It’s arguable whether it keeps up but it offers perfectly fine performance for pretty much whatever most people want to do, including a lot of gaming (with a proper GPU).
It does use considerable more power to do so — a few additional LED bulbs worth.
In general, processor performance has outpaced consumer needs for quite some time and most people could get along fine and performant with this 8 year old processor.
Citation: have and still use one, right next to my blown out 8700k system.
Can confirm, I have been using an old processor in my T430 for a couple years and it works great, even when compiling Rust projects. battery life is terrible, though. So I have a Pinebook Pro coming in, hopefully there are no ARM-related headaches but even with some large papercuts I think it will be an improvement for usability.
Probably one of the best investments in the past decade. I had a 2500K for 6 years and only sold it since I moved and didn't carry the old desktop with me. Performance-wise it was still going strong and left nothing to be desired. Definitely faster than the 2015 Macbook Pro I had been using since then - which is also not that bad as an everyday PC.

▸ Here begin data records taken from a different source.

(* Replacing v_j by a new vertex z and z by v_j is a bijection on pairs (v, z); it maps the pairs
   with [e (v i) (v j)] onto those with [e (v i) z]. *)
Lemma card_close_pair (i j : 'I_p) : i != j ->
  #|T| * #|[pred v : {ffun 'I_p -> T} | e (v i) (v j)]| <= K * #|T| ^ p.
Proof.
move=> neq_ij; set P := fun v : {ffun 'I_p -> T} => e (v i) (v j).
pose upd (v : {ffun 'I_p -> T}) z : {ffun 'I_p -> T} := [ffun k => if k == j then z else v k].
pose swap vz := (upd vz.1 vz.2, vz.1 j).
have swapK : involutive swap.
  case=> v z; rewrite /swap /upd /= ffunE eqxx; congr pair.
  by apply/ffunP => k; rewrite !ffunE; case: eqVneq => [->|].
have -> : #|T| * #|[pred v | P v]| = \sum_(vz : {ffun 'I_p -> T} * T) P (swap vz).1.
  rewrite [RHS](reindex_inj (inv_inj swapK)).
  under eq_bigr do rewrite swapK.
  rewrite -(pair_big xpredT xpredT (fun v _ => P v : nat)).
  rewrite (card_sum_nat P) big_distrr; apply: eq_bigr => v _.
  by rewrite /= sum_nat_const mulnC.
rewrite -(pair_big xpredT xpredT (fun v z => (P (swap (v, z)).1 : nat))) /=.
apply: (@leq_trans (\sum_(v : {ffun 'I_p -> T}) K)); last first.
  by rewrite sum_nat_const card_ffun card_ord mulnC.
apply: leq_sum => v _.
apply: leq_trans (deg_e (v i)); rewrite card_sum_nat leq_eqVlt; apply/orP; left; apply/eqP.
by apply: eq_bigr => z _; rewrite /P /swap /upd /= !ffunE eqxx (negbTE neq_ij).
Qed.

Lemma card_some_close_pair :
  #|T| * #|[pred v : {ffun 'I_p -> T} | [exists i, exists j, (i != j) && e (v i) (v j)]]|
    <= p * p * K * #|T| ^ p.
Proof.
pose B (ij : 'I_p * 'I_p) := [set v : {ffun 'I_p -> T} | e (v ij.1) (v ij.2)].
have sub_B : [pred v : {ffun 'I_p -> T} | [exists i, exists j, (i != j) && e (v i) (v j)]]
    \subset \bigcup_(ij | ij.1 != ij.2) B ij.
  apply/subsetP => v; rewrite inE => /existsP [i /existsP [j /andP [neq_ij Hij]]].
  by apply/bigcupP; exists (i, j); rewrite ?inE.
apply: leq_trans (leq_mul (leqnn _) (leq_trans (subset_leq_card sub_B) (card_bigcup_leq _ _))) _.
rewrite big_distrr /=.
apply: (@leq_trans (\sum_(ij : 'I_p * 'I_p | ij.1 != ij.2) K * #|T| ^ p)).
  apply: leq_sum => -[i j] /= neq_ij; apply: leq_trans (card_close_pair neq_ij).
  by rewrite leq_mul2l; apply/orP; right; apply/subset_leq_card/subsetP => v; rewrite !inE.
apply: (@leq_trans (\sum_(ij : 'I_p * 'I_p) K * #|T| ^ p)).
  by rewrite [X in _ <= X](bigID (fun ij => ij.1 != ij.2)) /= leq_addr.
by rewrite sum_nat_const card_prod card_ord !mulnA.
Qed.
End ClosePairs.

Lemma not_scatteredE (G : graph) p r (v : 'I_p -> vert G) :
  ~~ scattered r v = [exists i, exists j, (i != j) && within (r + r).+1 (v i) (v j)].
Proof.
apply/idP/idP => [/forallPn [i /forallPn [j]]|/existsP [i /existsP [j /andP [Hij Hw]]]].
  by rewrite negb_imply negbK => Hij; apply/existsP; exists i; apply/existsP; exists j.
by apply/forallPn; exists i; apply/forallPn; exists j; rewrite negb_imply negbK Hij.
Qed.

Lemma card_not_scattered (d : nat) (G : graph) p r : max_deg_le d G ->
  #|vert G| * #|[pred v : {ffun 'I_p -> vert G} | ~~ scattered r v]|
    <= p * p * d.+1 ^ (r + r).+1 * #|vert G| ^ p.
Proof.
move=> Hd; rewrite (eq_card (B := [pred v : {ffun 'I_p -> vert G} |
  [exists i, exists j, (i != j) && within (r + r).+1 (v i) (v j)]])); last first.
  by move=> v; rewrite !inE /= not_scatteredE.
apply: card_some_close_pair => x.
by rewrite (eq_card (B := [set y | within (r + r).+1 x y])) ?card_within_leq // => y; rewrite inE.
Qed.

(** * From BS-convergence to local convergence *)

Section BSToLocal.
Variables (d : nat) (Gs : nat -> graph).
Hypotheses (Hdeg : forall n, max_deg_le d (Gs n))
  (Hsize : forall M : nat, exists N : nat, forall n, N <= n -> M <= #|vert (Gs n)|)
  (HBS : BS_convergent d Gs).
Variables (p r : nat) (f : form).
Hypothesis f_local : r_local p r f.

Let code := rooted_code (d.+1 ^ r).

Definition vtype n (w : vert (Gs n)) : option code := ball_type _ r w.

Lemma vtype_some n (w : vert (Gs n)) : exists t, vtype w = Some t.
Proof. exact/ball_type_some/card_ball_leq. Qed.

Definition tuple_type n (v : {ffun 'I_p -> vert (Gs n)}) : {ffun 'I_p -> option code} :=
  [ffun i => vtype (v i)].

(* The value of f on scattered tuples of type t, read off any witness in the whole sequence;
   [models_scattered] shows that it does not depend on the witness. *)
Definition type_sat (t : {ffun 'I_p -> option code}) : bool :=
  if excluded_middle_informative
       (exists n (v : {ffun 'I_p -> vert (Gs n)}), [&& scattered r v, tuple_type v == t & models f v])
  then true else false.

Lemma ball_bij_same_type n m (v : vert (Gs n)) (v' : vert (Gs m)) :
  vtype v = vtype v' -> exists a b, ball_bij r v v' a b.
Proof.
have [t Ht] := vtype_some v'; rewrite Ht => Hv.
by apply: ball_iso_bij; rewrite -(ball_type_eqP _ Ht); apply/eqP.
Qed.

Lemma models_scattered n (v : {ffun 'I_p -> vert (Gs n)}) :
  scattered r v -> models f v = type_sat (tuple_type v).
Proof.
move=> scat_v; rewrite /type_sat; case: excluded_middle_informative => [witness|no_witness].
  have [m [v' /and3P [scat_v' /eqP same_type]]] := witness; rewrite !f_local.
  have bij i : exists ab, ball_bij r (v i) (v' i) ab.1 ab.2.
    have /ball_bij_same_type [a [b Hab]] : vtype (v i) = vtype (v' i).
      by move/ffunP/(_ i): same_type; rewrite !ffunE.
    by exists (a, b).
  have [ab Hab] := fin_all_exists bij.
  by rewrite (models_local_scattered Hab scat_v scat_v').
by apply/negP => Hf; apply: no_witness; exists n, v; rewrite scat_v eqxx Hf.
Qed.

Definition type_count n (tau : option code) : nat := #|[pred w : vert (Gs n) | vtype w == tau]|.

Definition type_poly n : nat :=
  \sum_(t : {ffun 'I_p -> option code}) type_sat t * \prod_(i <- enum 'I_p) type_count n (t i).

Lemma type_polyE n : type_poly n = \sum_(v : {ffun 'I_p -> vert (Gs n)}) type_sat (tuple_type v).
Proof.
rewrite (sum_fibers (@tuple_type n) (fun t => type_sat t : nat)).
by apply: eq_bigr => t _; rewrite card_ffun_fibers.
Qed.

Lemma type_poly_approx n :
  let A := #|[pred v : {ffun 'I_p -> vert (Gs n)} | models f v]| in
  let B := #|[pred v : {ffun 'I_p -> vert (Gs n)} | ~~ scattered r v]| in
  A <= type_poly n + B /\ type_poly n <= A + B.
Proof.
rewrite /= type_polyE !card_sum_nat -!big_split /=.
split; apply: leq_sum => v _; case: (boolP (scattered r v)) => [scat_v|_] /=.
- by rewrite models_scattered // addn0.
- by rewrite addn1; case: (models f v).
- by rewrite models_scattered // addn0.
- by rewrite addn1; case: (type_sat _).
Qed.

Lemma cv_zero_ratio : converges (fun n => Rdiv (INR 0) (INR #|vert (Gs n)|)).
Proof.
by exists R0; apply: (cv_eq_eventually (N0 := 0)) (cv_const 0) => n _; rewrite /Rdiv Rmult_0_l.
Qed.

Lemma type_freq_converges tau :
  converges (fun n => Rdiv (INR (type_count n tau)) (INR #|vert (Gs n)|)).
Proof.
case: tau => [t|]; last first.
  move: cv_zero_ratio; congr converges; apply: functional_extensionality => n; congr (Rdiv (INR _) _).
  by apply/esym/eq_card0 => w; rewrite !inE; have [t ->] := vtype_some w.
case: (classic (exists m (w0 : vert (Gs m)), vtype w0 = Some t)) => [[m [w0 Hw0]]|none].
  have := HBS r (ball_root w0 r) (@ball_connected _ w0 r) (@max_deg_le_ball _ _ w0 r (@Hdeg m)).
  congr converges; apply: functional_extensionality => n; congr (Rdiv (INR _) _).
  by apply: eq_card => w; rewrite !inE /= (ball_type_eqP _ Hw0).
move: cv_zero_ratio; congr converges; apply: functional_extensionality => n; congr (Rdiv (INR _) _).
by apply/esym/eq_card0 => w; rewrite !inE; apply/eqP => Hw; apply: none; exists n, w.
Qed.

Lemma stone_converges : converges (fun n => stone p f (Gs n)).
Proof.
have [l Hl] := fin_all_exists type_freq_converges.
pose lim := \big[Rplus/R0]_(t : {ffun 'I_p -> option code})
              Rmult (INR (type_sat t)) (\big[Rmult/R1]_(i <- enum 'I_p) l (t i)).
have [N1 HN1] := Hsize 1.
pose freq_poly n := \big[Rplus/R0]_(t : {ffun 'I_p -> option code}) Rmult (INR (type_sat t))
  (\big[Rmult/R1]_(i <- enum 'I_p) Rdiv (INR (type_count n (t i))) (INR #|vert (Gs n)|)).
have poly_cv : Un_cv (fun n => Rdiv (INR (type_poly n)) (INR (#|vert (Gs n)| ^ p))) lim.
  apply: (cv_eq_eventually (w := freq_poly) (N0 := N1)) => [n /HN1 size_gt0|].
    rewrite -[in X in _ ^ X](size_enum_ord p) INR_sum_prod_div //.
    by move/lt0n_neq0/eqP: size_gt0.
  apply: cv_big => [? ? ? ?|t]; first exact: CV_plus.
  apply: CV_mult; first exact: cv_const.
  by apply: cv_big => [? ? ? ?|i]; [exact: CV_mult | exact: Hl].
exists lim; apply: cv_approx poly_cv (cv_div_unbounded (INR (p * p * d.+1 ^ (r + r).+1)) Hsize) _.
move=> n /HN1 size_gt0; have [A_le B_le] := type_poly_approx n.
apply: (Rabs_ratio_sub_le size_gt0 _ A_le B_le (card_not_scattered p r (@Hdeg n))).
by rewrite expn_gt0 size_gt0.
Qed.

I'm still rocking the i7 920. It's still running perfectly fine. I throw a new gpu in it every couple of years and have never had performance problems.
Oh yeah I'm not advocating tossing them. There's lots of opportunities to repurpose a chip like that.
I just see lots of people saying things like "still daily driving an abacus!" as if there's been no progress on CPU development in the last 10 years, and that's just false. Progress has _slowed_, but a modern Ryzen or i-Series is quantifiably better than older gear.
And if you use the computer extensively and live in a country where electricity is expensive, you could also be paying for that inefficiency in your utility bill.
I have a desktop PC in the living room, with an i5-2400 + GTX1050TI - still runs all modern games in high settings at 1080p@60fps. Literally no idea why someone would throw out a 3xxx series CPU at this point, it's all fast enough for daily use.
I have an i7 3770k, overclocked to 4.4Ghz, it runs with no problem every workflow I need.
Newer processors have more cores for sure, but if we look at single-core performance there isn't so much difference, and my almost 8 years old overclocked i7 runs probably faster for a single threaded application than a new 16 core Ryzen.
Of course if we talk about multi threaded workflows a newer CPU is better.
Eh. My main desktop is a Core 2 Duo 2.4GHz from 2005. I'm typing this comment on said machine right now.
It's running Kubuntu and I'm running the latest versions of everything on this -- Chrome, RStudio, etc. -- and it runs plenty fast. I have a Windows 10 computer at work with the latest i7 chip which feels slightly faster, but not that much.
Most software these days aren't CPU-bound but IO bound. I got the most performance boost upgrading to an SSD and upping the RAM to 8 GB.
If you run Linux, you can have a very comfortable experience running on hardware from yesteryears. Throwing out a perfectly good machine is a waste.